Towards Generating Large Synthetic Phytoplankton Datasets for Efficient Monitoring of Harmful Algal Blooms

Nitpreet Bamra (University of Waterloo), Vikram Voleti (Mila, University of Montreal), Alexander Wong (University of Waterloo) and Jason Deglint (University of Waterloo)

Paper PDF Cite


Climate change is increasing the frequency and severity of harmful algal blooms (HABs), which cause significant fish deaths in aquaculture farms. This contributes to ocean pollution and greenhouse gas (GHG) emissions since dead fish are either dumped into the ocean or taken to landfills, which in turn negatively impacts the climate.

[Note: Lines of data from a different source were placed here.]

Lemma closure_preimage_involution (f : 'rV[R]_n -> 'rV[R]_n) C z :
  continuous f -> involutive f -> f z = z -> closure C z -> closure (f @^-1` C) z.
Proof.
move=> f_cont fK fz Cz B Bz.
have : nbhs z (f @^-1` B) by apply: f_cont; rewrite fz.
by move=> /Cz [w [Cw Bfw]]; exists (f w); split => //; rewrite /preimage /= fK.
Qed.

End Topology.

Section SignCells.
Variables (R : realType) (n : nat) (X : seq 'rV[R]_n).
Implicit Types (a b x y z : 'rV[R]_n) (C : set 'rV[R]_n).

Definition sign_cell x : set 'rV[R]_n :=
  [set z | forall a, a \in X -> Num.sg (dotp z a) = Num.sg (dotp x a)].

Lemma sign_cell_id x : sign_cell x x.
Proof. by []. Qed.

Lemma sign_cell_eq x x' : sign_cell x x' -> sign_cell x' = sign_cell x.
Proof. by move=> xx'; apply/seteqP; split => z zx a aX; rewrite zx // xx'. Qed.

Lemma sign_cell_gt0 x z a : a \in X -> 0 < dotp x a -> sign_cell x z -> 0 < dotp z a.
Proof. by move=> aX xa /(_ a aX); rewrite (gtr0_sg xa) => /eqP; rewrite sgr_cp0. Qed.

Lemma sign_cell_lt0 x z a : a \in X -> dotp x a < 0 -> sign_cell x z -> dotp z a < 0.
Proof. by move=> aX xa /(_ a aX); rewrite (ltr0_sg xa) => /eqP; rewrite sgr_cp0. Qed.

Lemma component_hcompl x : hcompl X x -> connected_component (hcompl X) x = sign_cell x.
Proof.
move=> hx; apply/seteqP; split => z.
  move=> zx a aX; apply: (connected_sg_dotp (@component_connected _ (hcompl X) x)) => //.
    by move=> w /connected_component_sub; apply.
  exact: connected_component_refl.
move=> zx; pose g t := x + t *: (z - x).
have seg_hcompl : g @` `[0, 1] `<=` hcompl X.
  move=> _ [t /= + <-] a aX; rewrite in_itv /= => /andP[t0 t1].
  have -> : dotp (g t) a = (1 - t) * dotp x a + t * dotp z a.
    by rewrite /g dotpDl dotpZl dotpBl; ring.
  have := zx a aX; have := hx a aX; case: (ltgtP (dotp x a) 0) => // xa _.
    by rewrite (ltr0_sg xa) => /eqP; rewrite sgr_cp0 => za; rewrite lt_eqF //; nra.
  by rewrite (gtr0_sg xa) => /eqP; rewrite sgr_cp0 => za; rewrite gt_eqF //; nra.
have seg_conn : connected (g @` `[0, 1]).
  apply: connected_continuous_connected; first exact: segment_connected.
  exact/continuous_subspaceT/line_continuous.
have seg_x : (g @` `[0, 1]) x.
  by exists 0; [rewrite /= in_itv /= lexx ler01|rewrite /g scale0r addr0].
have seg_z : (g @` `[0, 1]) z.
  by exists 1; [rewrite /= in_itv /= lexx ler01|rewrite /g scale1r addrC subrK].
exact (connected_component_max seg_x seg_hcompl seg_conn seg_z).
Qed.

Lemma chamberP C : chamber X C -> exists2 x, hcompl X x & C = sign_cell x.
Proof. by case=> x hx ->; exists x; rewrite ?component_hcompl. Qed.

Lemma chamber_sign_cell x : hcompl X x -> chamber X (sign_cell x).
Proof. by move=> hx; exists x; rewrite ?component_hcompl. Qed.

Lemma closure_sign_cell_sg x y a : hcompl X x -> a \in X ->
  closure (sign_cell x) y -> dotp y a != 0 -> Num.sg (dotp y a) = Num.sg (dotp x a).
Proof.
move=> hx aX cy ya; have := hx a aX; case: (ltgtP (dotp x a) 0) => // xa _.
  have : 0 <= dotp y (- a).
    by apply: closure_dotp_ge0 cy => z /(sign_cell_lt0 aX xa); rewrite dotpNr oppr_gt0.
  rewrite dotpNr oppr_ge0 le_eqVlt (negbTE ya) /= => y_lt0.
  by rewrite !ltr0_sg.
have := closure_dotp_ge0 (fun z => sign_cell_gt0 aX xa) cy.
by rewrite le_eqVlt eq_sym (negbTE ya) /= => y_gt0; rewrite !gtr0_sg.
Qed.

Hypothesis rsX : root_system X.

Lemma hcompl_refl b x : b \in X -> hcompl X x -> hcompl X (refl b x).
Proof.
by move=> bX hx a aX; rewrite dotp_refl_adj ?(root_neq0 rsX bX) // hx ?root_refl.
Qed.

Lemma refl_sign_cell b x : b \in X -> refl b @^-1` sign_cell x = sign_cell (refl b x).
Proof.
move=> bX; have b0 := root_neq0 rsX bX.
apply/seteqP; split => z zx a aX /=.
  by rewrite -(dotp_refl z a b0) zx ?root_refl // dotp_refl_adj.
by rewrite dotp_refl_adj // zx ?root_refl // dotp_refl.
Qed.

Lemma chamber_refl b C : b \in X -> chamber X C -> chamber X (refl b @^-1` C).
Proof.
move=> bX /chamberP [x hx ->]; rewrite refl_sign_cell //.
by apply: chamber_sign_cell; exact: hcompl_refl.
Qed.

End SignCells.

Lemma preimage_reflK (R : realType) n (b : 'rV[R]_n) (C : set 'rV[R]_n) :
  b != 0 -> refl b @^-1` (refl b @^-1` C) = C.
Proof. by move=> b0; apply/seteqP; split => z; rewrite /preimage /= reflK. Qed.

Lemma free_seqP (R : fieldType) (vT : vectType R) (S : seq vT) :
  free S <-> (forall k : 'I_(size S) -> R,
                \sum_(i < size S) k i *: S`_i = 0 -> forall i, k i = 0).
Proof. by split => [/(@freeP _ _ _ (in_tuple S))|/(@freeP _ _ _ (in_tuple S))]. Qed.
(* Let $\{(\mathcal X^k, P_{Y_k|X_{[k]}}, \mathcal Y_k)\}_{k=0}^K$ be a RAC satisfying permutation-invariance and reducibility. Let $P_X$ be an input distribution under which friendliness and interference hold, and let $X_1,X_2,\dots$ be i.i.d. $P_X$. Then for all integers $1\le s<k\le K$, $$\frac{I_k}{k}<\frac{I_s}{s}.$$
   Context: A RAC is a family of stationary memoryless multiple access channels $\{(\mathcal X^k, P_{Y_k|X_{[k]}}(y_k|x_{[k]}), \mathcal Y_k)\}_{k=0}^K$, $K\le\infty$. The $k$-th channel has $k$ inputs, each taking values in a common alphabet $\mathcal X$ that contains a distinguished ''silence'' symbol $0$, and it has output alphabet $\mathcal Y_k$. Write $[k]=\{1,\dots,k\}$ and $[i:j]=\{i,\dots,j\}$. Permutation-invariance: for every $k$ and every permutation $\hat x_{[k]}$ of $x_{[k]}$, $P_{Y_k|X_{[k]}}(y|x_{[k]})=P_{Y_k|X_{[k]}}(y|\hat x_{[k]})$. Reducibility: for all $s<k$, all $x_{[s]}\in\mathcal X^s$ and all $y\in\mathcal Y_s$, $P_{Y_s|X_{[s]}}(y|x_{[s]})=P_{Y_k|X_{[k]}}(y|x_{[s]},0^{k-s})$. Given $P_X$, let $X_1,\dots,X_k$ be i.i.d. $P_X$ and let $Y_k$ be the output of the $k$-th channel. Mutual informations $I_k(X_{\mathcal A};Y_k\mid X_{\mathcal B})$ are computed under this joint law, and $I_k:=I_k(X_{[k]};Y_k)$. Friendliness: for all $s\le k\le K$, $I_k(X_{[s]};Y_k\mid X_{[s+1:k]}=0^{k-s})\ge I_k(X_{[s]};Y_k\mid X_{[s+1:k]})$. Interference: for every $k$ and all $1\le s<t\le k$, $P_{X_{[t]}|Y_k}\neq P_{X_{[s]}|Y_k}\cdot P_{X_{[s+1:t]}|Y_k}$, i.e. $X_{[s]}$ and $X_{[s+1:t]}$ are not conditionally independent given $Y_k$. *)

From Stdlib Require Import Reals.
From mathcomp Require Import all_boot all_fingroup.

Set Implicit Arguments.
Unset Strict Implicit.
Unset Printing Implicit Defensive.

Local Open Scope R_scope.

Section RAC.
Variables (X : finType) (Y : eqType).

Definition inp (k : nat) := {ffun 'I_k -> X}.

(* A channel family: W k x y = P_{Y_k|X_[k]}(y | x); Ysupp k = output alphabet Y_k. *)
Definition chan := forall k : nat, inp k -> Y -> R.

Definition sumX k (F : inp k -> R) : R := \big[Rplus/0]_(x : inp k) F x.
Definition sumY (Ys : seq Y) (F : Y -> R) : R := \big[Rplus/0]_(y <- Ys) F y.

Definition is_dist (PX : X -> R) : Prop :=
  (forall a, 0 <= PX a) /\ \big[Rplus/0]_(a : X) PX a = 1.

Definition is_RAC (Ysupp : nat -> seq Y) (W : chan) : Prop :=
  forall k, uniq (Ysupp k) /\
    forall x : inp k,
      (forall y, 0 <= W k x y) /\
      (forall y, y \notin Ysupp k -> W k x y = 0) /\
      sumY (Ysupp k) (W k x) = 1.

(* K <= infinity: None = infinity. *)
Definition inK (K : option nat) (k : nat) : Prop :=
  match K with Some n => (k <= n)%N | None => True end.

Definition perm_invariant (K : option nat) (W : chan) : Prop :=
  forall k, inK K k -> forall (sigma : {perm 'I_k}) (x : inp k) (y : Y),
    W k [ffun i => x (sigma i)] y = W k x y.

(* (x_[s], 0^{k-s}) as an element of X^k. *)
Definition pad (x0 : X) (s k : nat) (x : inp s) : inp k :=
  [ffun i : 'I_k => if @insub nat (fun n => (n < s)%N) 'I_s (val i) is Some j
                    then x j else x0].

Definition reducible (K : option nat) (x0 : X) (Ysupp : nat -> seq Y) (W : chan) : Prop :=
  forall s k, (s < k)%N -> inK K k -> forall (x : inp s) (y : Y), y \in Ysupp s ->
    W s x y = W k (pad x0 k x) y.

Definition law (PX : X -> R) (W : chan) k (x : inp k) (y : Y) : R :=
  (\big[Rmult/1]_(i : 'I_k) PX (x i)) * W k x y.

(* Conditional law of (X_[k], Y_k) given X_B = b_B.  Since the inputs are
   independent this is prod_{i notin B} P_X(x_i) * 1[x_B = b_B] * W(y|x). *)
Definition claw (PX : X -> R) (W : chan) k (B : pred 'I_k) (b : inp k)
  (x : inp k) (y : Y) : R :=
  (\big[Rmult/1]_(i : 'I_k | ~~ B i) PX (x i)) *
  (if [forall i, B i ==> (x i == b i)] then 1 else 0) * W k x y.

Variable Ysupp : nat -> seq Y.

Definition Ex k (L : inp k -> Y -> R) (F : inp k -> Y -> R) : R :=
  sumX (fun x => sumY (Ysupp k) (fun y => L x y * F x y)).
Definition Pr k (L : inp k -> Y -> R) (E : inp k -> Y -> bool) : R :=
  Ex L (fun x y => if E x y then 1 else 0).

Definition MI k (L : inp k -> Y -> R) (U V : eqType)
  (f : inp k -> Y -> U) (g : inp k -> Y -> V) : R :=
  Ex L (fun x y =>
    ln (Pr L (fun x' y' => (f x' y' == f x y) && (g x' y' == g x y)) /
        (Pr L (fun x' y' => f x' y' == f x y) * Pr L (fun x' y' => g x' y' == g x y)))).

Definition CMI k (L : inp k -> Y -> R) (U V Z : eqType)
  (f : inp k -> Y -> U) (g : inp k -> Y -> V) (h : inp k -> Y -> Z) : R :=
  Ex L (fun x y =>
    ln (Pr L (fun x' y' => [&& f x' y' == f x y, g x' y' == g x y & h x' y' == h x y]) *
        Pr L (fun x' y' => h x' y' == h x y) /
        (Pr L (fun x' y' => (f x' y' == f x y) && (h x' y' == h x y)) *
         Pr L (fun x' y' => (g x' y' == g x y) && (h x' y' == h x y))))).

(* X_{[a+1:b]} = (X_{a+1},...,X_b) (1-based), i.e. indices a <= i < b (0-based). *)
Definition Xrange k (a b : nat) (x : inp k) (_ : Y) : seq X :=
  [seq x i | i <- enum 'I_k & (a <= val i < b)%N].
Definition Yout k (_ : inp k) (y : Y) : Y := y.

Definition Ik (PX : X -> R) (W : chan) (k : nat) : R :=
  MI (law PX W (k:=k)) (Xrange 0 k) (@Yout k).

Definition friendly (K : option nat) (x0 : X) (PX : X -> R) (W : chan) : Prop :=
  forall s k, (s <= k)%N -> inK K k ->
    MI (claw PX W (fun i : 'I_k => (s <= val i)%N) [ffun => x0]) (Xrange 0 s) (@Yout k)
    >= CMI (law PX W (k:=k)) (Xrange 0 s) (@Yout k) (Xrange s k).

(* Interference: X_[s] and X_[s+1:t] are not conditionally independent given Y_k. *)
Definition interference (K : option nat) (PX : X -> R) (W : chan) : Prop :=
  forall k s t, inK K k -> (1 <= s)%N -> (s < t)%N -> (t <= k)%N ->
    ~ (forall (x : inp k) (y : Y),
         let L := law PX W (k:=k) in
         let py := Pr L (fun x' y' => y' == y) in
         0 < py ->
         Pr L (fun x' y' => (Xrange 0 t x' y' == Xrange 0 t x y) && (y' == y)) / py =
         (Pr L (fun x' y' => (Xrange 0 s x' y' == Xrange 0 s x y) && (y' == y)) / py) *
         (Pr L (fun x' y' => (Xrange s t x' y' == Xrange s t x y) && (y' == y)) / py)).

End RAC.

From Stdlib Require Import Reals Lra Lia.
From mathcomp Require Import all_boot all_fingroup.
From HB Require Import structures.
From mathcomp Require Import zify.

(* For [A] a set of input coordinates of the [k]-th channel, let
   [F(|A|) := - H(Y_k | X_A)]; by permutation invariance this depends only on
   [|A|].  The inputs being independent, [A |-> H(X_A)] is modular, while
   [A |-> H(X_A, Y_k)] is submodular by Gibbs' inequality; so [A |-> F(|A|)] is
   supermodular, i.e. [F] is convex.  Gibbs' inequality is strict unless
   [X_[k-1]] and [X_k] are conditionally independent given [Y_k], so
   interference gives [F(k-1) + F(1) < F(k) + F(0)].  Now [I_k = F(k) - F(0)],
   while friendliness and reducibility give
   [I_s >= I_k(X_[s]; Y_k | X_[s+1:k]) = F(k) - F(k-s)], and strict convexity
   yields [s (F(k) - F(0)) < k (F(k) - F(k-s))]. *)

Set Implicit Arguments.
Unset Strict Implicit.
Unset Printing Implicit Defensive.
Local Open Scope R_scope.

Lemma Rplus_associative : associative Rplus.
Proof. by move=> a b c; rewrite Rplus_assoc. Qed.
Lemma Rmult_associative : associative Rmult.
Proof. by move=> a b c; rewrite Rmult_assoc. Qed.

HB.instance Definition _ :=
  Monoid.isComLaw.Build R 0 Rplus Rplus_associative Rplus_comm Rplus_0_l.
HB.instance Definition _ :=
  Monoid.isComLaw.Build R 1 Rmult Rmult_associative Rmult_comm Rmult_1_l.
HB.instance Definition _ := Monoid.isMulLaw.Build R 0 Rmult Rmult_0_l Rmult_0_r.
HB.instance Definition _ :=
  Monoid.isAddLaw.Build R Rmult Rplus Rmult_plus_distr_r Rmult_plus_distr_l.

Section RealSums.
Variable T : eqType.
Implicit Types (r : seq T) (F G : T -> R).

Lemma sumRN r F : \big[Rplus/0]_(w <- r) - F w = - \big[Rplus/0]_(w <- r) F w.
Proof. by rewrite (big_morph Ropp Ropp_plus_distr Ropp_0). Qed.

Lemma sumR_le r F G : {in r, forall w, F w <= G w} ->
  \big[Rplus/0]_(w <- r) F w <= \big[Rplus/0]_(w <- r) G w.
Proof.
move=> FG; rewrite big_seq [X in _ <= X]big_seq.
by apply: big_ind2 => [|*|w /FG]; lra.
Qed.

Lemma sumR_ge0 r F : {in r, forall w, 0 <= F w} -> 0 <= \big[Rplus/0]_(w <- r) F w.
Proof. by move=> F0; rewrite big_seq; apply: big_ind => [|*|w /F0]; lra. Qed.

Lemma sumR_lt r F G : {in r, forall w, F w <= G w} ->
  (exists2 w, w \in r & F w < G w) ->
  \big[Rplus/0]_(w <- r) F w < \big[Rplus/0]_(w <- r) G w.
Proof.
elim: r => [|a r IH] FG [w]; rewrite ?in_nil // in_cons !big_cons.
have FGa := FG a (mem_head a r).
have FGr : {in r, forall w, F w <= G w} by move=> v vr; apply: FG; rewrite in_cons vr orbT.
case/orP=> [/eqP-> lt_a | wr lt_w]; first by have := sumR_le FGr; lra.
by have := IH FGr (ex_intro2 _ _ w wr lt_w); lra.
Qed.

Lemma sumR_le_eq r F G : {in r, forall w, F w <= G w} ->
  \big[Rplus/0]_(w <- r) G w <= \big[Rplus/0]_(w <- r) F w ->
  {in r, forall w, F w = G w}.
Proof.
move=> FG leGF w wr; case: (Rle_lt_or_eq_dec _ _ (FG w wr)) => // lt_w.
by have := sumR_lt FG (ex_intro2 _ _ w wr lt_w); lra.
Qed.

Lemma sumR_ge_term r F w : {in r, forall v, 0 <= F v} -> w \in r ->
  F w <= \big[Rplus/0]_(v <- r) F v.
Proof.
elim: r => [|a r IH] F0 // wr; rewrite in_cons big_cons in wr *.
have F0r : {in r, forall v, 0 <= F v} by move=> v vr; apply: F0; rewrite in_cons vr orbT.
have := F0 a (mem_head a r); have := sumR_ge0 F0r.
by case/orP: wr => [/eqP->|/(IH F0r)]; lra.
Qed.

Currently, the standard method to enumerate harmful algae and other phytoplankton is to manually observe and count them under a microscope. This is a time-consuming, tedious and error-prone process, resulting in compromised management decisions by farmers. Hence, automating this process for quick and accurate HAB monitoring is extremely helpful. However, this requires large and diverse datasets of phytoplankton images, and such datasets are hard to produce quickly. In this work, we explore the feasibility of generating novel high-resolution photorealistic synthetic phytoplankton images, containing multiple species in the same image, given a small dataset of real images. To this end, we employ Generative Adversarial Networks (GANs) to generate synthetic images. We evaluate three different GAN architectures: ProjectedGAN, FastGAN, and StyleGANv2 using standard image quality metrics. We empirically show the generation of high-fidelity synthetic phytoplankton images using a training dataset of only 961 real images. Thus, this work demonstrates the ability of GANs to create large synthetic datasets of phytoplankton from small training datasets, accomplishing a key step towards sustainable systematic monitoring of harmful algal blooms.